Congxian Qiu(klion26) updated FLINK-13861:
------------------------------------------
    Fix Version/s:     (was: 1.10.0)

> No new checkpoint will be trigged when canceling an expired checkpoint failed
> -----------------------------------------------------------------------------
>
>                 Key: FLINK-13861
>                 URL: https://issues.apache.org/jira/browse/FLINK-13861
>             Project: Flink
>          Issue Type: Bug
>          Components: Runtime / Checkpointing
>    Affects Versions: 1.7.2, 1.8.1, 1.9.0
>            Reporter: Congxian Qiu(klion26)
>            Assignee: Congxian Qiu(klion26)

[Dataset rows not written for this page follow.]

(* Let $f:\mathbb R^{n+m}\to\mathbb R$ be convex and let $g(x) = \inf_y f(x,y)$, assumed finite for every $x\in\mathbb R^n$ (so $g:\mathbb R^n\to\mathbb R$ is convex). Let $H_1:\mathbb R^n\to\mathbb R^n$ be the single-valued inverse of $x\mapsto x+\nabla_xg$ (so $H_1(u)=x\iff u\in x+\nabla_xg$) and $H:\mathbb R^{n+m}\to\mathbb R^{n+m}$ the single-valued inverse of $(x,y)\mapsto (x,y)+\nabla_{(x,y)}f$ (so $H(u,v)=(x,y)\iff (u,v)\in (x,y)+\nabla_{(x,y)}f$); these inverses exist. Define $J:\mathbb R^{n}\times \mathbb R^{n}\times \mathbb R^{m} \to \mathbb R^{m}$ by $J(x,u,y) = y - \pi_2 H(H_1(x+u)+u,y)$, where $\pi_2:\mathbb R^{n+m}\to\mathbb R^m$ is the second projection. Then $J(x,u,\gamma) =0$ for all $x\in \mathbb R^n$, all $\gamma\in \operatorname{argmin}_f(x)$ and all $u\in \nabla_x g$.
   Context: For $h:\mathbb R^k\to\mathbb R$ and $z_0\in\mathbb R^k$, $\nabla_{z_0}h=\{u\in\mathbb R^k: h(z)-h(z_0)\ge u\cdot(z-z_0)\text{ for all } z \text{ sufficiently near } z_0\}$. $\operatorname{argmin}_f(x)=\{\gamma\in\mathbb R^m: \inf_{y}f(x,y)=f(x,\gamma)\}$. *)

(* R^k is rendered as 'rV[R]_k. *)
From HB Require Import structures.
From mathcomp Require Import all_boot all_order all_algebra.
From mathcomp Require Import all_classical all_reals all_analysis.
Set Implicit Arguments. Unset Strict Implicit. Unset Printing Implicit Defensive.
Import Order.TTheory GRing.Theory Num.Theory numFieldNormedType.Exports.
Local Open Scope classical_set_scope.
Local Open Scope ring_scope.

Definition dotv (R : realType) (k : nat) (u v : 'rV[R]_k) : R :=
  \sum_(i < k) u 0 i * v 0 i.

Definition convex_fun (R : realType) (k : nat) (h : 'rV[R]_k -> R) : Prop :=
  forall (a b : 'rV[R]_k) (t : R), 0 <= t <= 1 ->
    h (t *: a + (1 - t) *: b) <= t * h a + (1 - t) * h b.

Definition subgrad (R : realType) (k : nat) (h : 'rV[R]_k -> R)
    (z0 u : 'rV[R]_k) : Prop :=
  \forall z \near z0, h z - h z0 >= dotv u (z - z0).

(* argmin_f(x) = { gamma | inf_y f(x,y) = f(x,gamma) }, (x,y) ~ row_mx x y *)
Definition argmin (R : realType) (n m : nat) (f : 'rV[R]_(n + m) -> R)
    (x : 'rV[R]_n) : set 'rV[R]_m :=
  [set gam | inf [set f (row_mx x y) | y in [set: 'rV[R]_m]] = f (row_mx x gam)].

Definition Jmap (R : realType) (n m : nat) (H1 : 'rV[R]_n -> 'rV[R]_n)
    (H : 'rV[R]_(n + m) -> 'rV[R]_(n + m)) (x u : 'rV[R]_n) (y : 'rV[R]_m)
    : 'rV[R]_m :=
  y - rsubmx (H (row_mx (H1 (x + u) + u) y)).

From HB Require Import structures.
From mathcomp Require Import all_boot all_order all_algebra.
From mathcomp Require Import all_classical all_reals all_analysis.
Import Order.TTheory GRing.Theory Num.Theory numFieldNormedType.Exports.
Local Open Scope classical_set_scope.
Local Open Scope ring_scope.

(* If gam minimizes f(x, .) and u is a subgradient of the marginal g at x,
   then (u, 0) is a subgradient of f at (x, gam): near (x, gam),
   f z - f(x, gam) >= g(pi_1 z) - g x >= u . (pi_1 z - x).
   Hence the resolvent identities H1 (x + u) = x and H (x + u, gam) = (x, gam)
   hold, and J(x, u, gam) = gam - gam = 0. *)

Section MarginalSubgradient.
Variables (R : realType) (n m : nat).

Lemma dotv_row_mx0 (u : 'rV[R]_n) (w : 'rV[R]_(n + m)) :
  dotv (row_mx u 0) w = dotv u (lsubmx w).
Proof.
rewrite /dotv big_split_ord /= [X in _ + X]big1 ?addr0; last first.
  by move=> i _; rewrite row_mxEr mxE mul0r.
by apply: eq_bigr => i _; rewrite row_mxEl mxE.
Qed.

Lemma ball_lsubmx (z w : 'rV[R]_(n + m)) (e : R) :
  ball z e w -> ball (lsubmx z) e (lsubmx w).
Proof.
by move=> [e_gt0 zw_e]; split=> // i j; rewrite !mxE; apply: zw_e.
Qed.

Lemma near_lsubmx (P : 'rV[R]_n -> Prop) (x : 'rV[R]_n) (y : 'rV[R]_m) :
  (\forall x' \near x, P x') -> \forall z \near row_mx x y, P (lsubmx z).
Proof.
move=> /nbhs_ballP[e e_gt0 xe_P]; apply/nbhs_ballP; exists e => // z xyz_e.
by apply: xe_P; rewrite -[x](row_mxKl x y); apply: ball_lsubmx.
Qed.

Lemma subgrad_row_mx0 (f : 'rV[R]_(n + m) -> R) (g : 'rV[R]_n -> R)
    (x u : 'rV[R]_n) (gam : 'rV[R]_m) :
  (forall z, g (lsubmx z) <= f z) -> f (row_mx x gam) = g x ->
  subgrad g x u -> subgrad f (row_mx x gam) (row_mx u 0).
Proof.
move=> g_le_f fxgam /(near_lsubmx _ _ gam); apply: filterS => z.
rewrite dotv_row_mx0 linearB /= row_mxKl fxgam => g_ge.
by apply: le_trans g_ge _; rewrite lerB.
Qed.

Lemma inf_image_row_mx_le (f : 'rV[R]_(n + m) -> R) (z : 'rV[R]_(n + m)) :
  has_lbound [set f (row_mx (lsubmx z) y) | y in [set: 'rV[R]_m]] ->
  inf [set f (row_mx (lsubmx z) y) | y in [set: 'rV[R]_m]] <= f z.
Proof.
by move=> lb; apply: ge_inf => //; exists (rsubmx z) => //; rewrite hsubmxK.
Qed.

End MarginalSubgradient.

Theorem proposition2p13 (R : realType) (n m : nat)
    (f : 'rV[R]_(n + m) -> R) (g : 'rV[R]_n -> R)
    (H1 : 'rV[R]_n -> 'rV[R]_n) (H : 'rV[R]_(n + m) -> 'rV[R]_(n + m)) :
  convex_fun f ->
  (forall x : 'rV[R]_n,
      has_lbound [set f (row_mx x y) | y in [set: 'rV[R]_m]]) ->
  (forall x : 'rV[R]_n,
      g x = inf [set f (row_mx x y) | y in [set: 'rV[R]_m]]) ->
  (forall u x : 'rV[R]_n, H1 u = x <-> subgrad g x (u - x)) ->
  (forall w z : 'rV[R]_(n + m), H w = z <-> subgrad f z (w - z)) ->
  forall (x u : 'rV[R]_n) (gam : 'rV[R]_m),
    argmin f x gam -> subgrad g x u -> Jmap H1 H x u gam = 0.
Proof.
move=> _ f_lb gE H1P HP x u gam gam_min sub_g.
have H1_xu : H1 (x + u) = x by apply/H1P; rewrite [x + u]addrC addrK.
have g_le_f z : g (lsubmx z) <= f z by rewrite gE; apply: inf_image_row_mx_le.
have sub_f : subgrad f (row_mx x gam) (row_mx u 0).
  by apply: subgrad_row_mx0 => //; rewrite gE gam_min.
have H_xu : H (row_mx (x + u) gam) = row_mx x gam.
  by apply/HP; rewrite opp_row_mx add_row_mx [x + u]addrC addrK subrr.
by rewrite /Jmap H1_xu H_xu row_mxKr subrr.
Qed.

>            Priority: Major
>
> I encountered this problem in our private fork of Flink, after taking a look at the current master branch of Apache Flink, I think the problem exists here also.
> Problem Detail:
>  1. checkpoint canceled because of expiration, so will call the canceller such as below
> {code:java}
> final Runnable canceller = () -> {
>    synchronized (lock) {
>       // only do the work if the checkpoint is not discarded anyways
>       // note that checkpoint completion discards the pending checkpoint object
>       if (!checkpoint.isDiscarded()) {
>          LOG.info("Checkpoint {} of job {} expired before completing.", checkpointID, job);
>          failPendingCheckpoint(checkpoint, CheckpointFailureReason.CHECKPOINT_EXPIRED);
>          pendingCheckpoints.remove(checkpointID);
>          rememberRecentCheckpointId(checkpointID);
>          triggerQueuedRequests();
>       }
>    }
> };{code}
>  
>  But failPendingCheckpoint may throw exceptions because it will call
> {{CheckpointCoordinator#failPendingCheckpoint}}
> -> {{PendingCheckpoint#abort}}
> ->  {{PendingCheckpoint#reportFailedCheckpoint}}
> -> initialize a FailedCheckpointStates,  may throw an exception by {{checkArgument}} 
> Did not find more about why there ever failed the {{checkArgument currently(this problem did not reproduce frequently)}}, will create an issue for that if I have more findings.
>  
> 2. when trigger checkpoint next, we'll first check if there already are too many checkpoints such as below
> {code:java}
> private void checkConcurrentCheckpoints() throws CheckpointException {
>    if (pendingCheckpoints.size() >= maxConcurrentCheckpointAttempts) {
>       triggerRequestQueued = true;
>       if (currentPeriodicTrigger != null) {
>          currentPeriodicTrigger.cancel(false);
>          currentPeriodicTrigger = null;
>       }
>       throw new CheckpointException(CheckpointFailureReason.TOO_MANY_CONCURRENT_CHECKPOINTS);
>    }
> }
> {code}
> the {{pendingCheckpoints.zie() >= maxConcurrentCheckpoitnAttempts}} will always true
> 3. no checkpoint will be triggered ever from that on.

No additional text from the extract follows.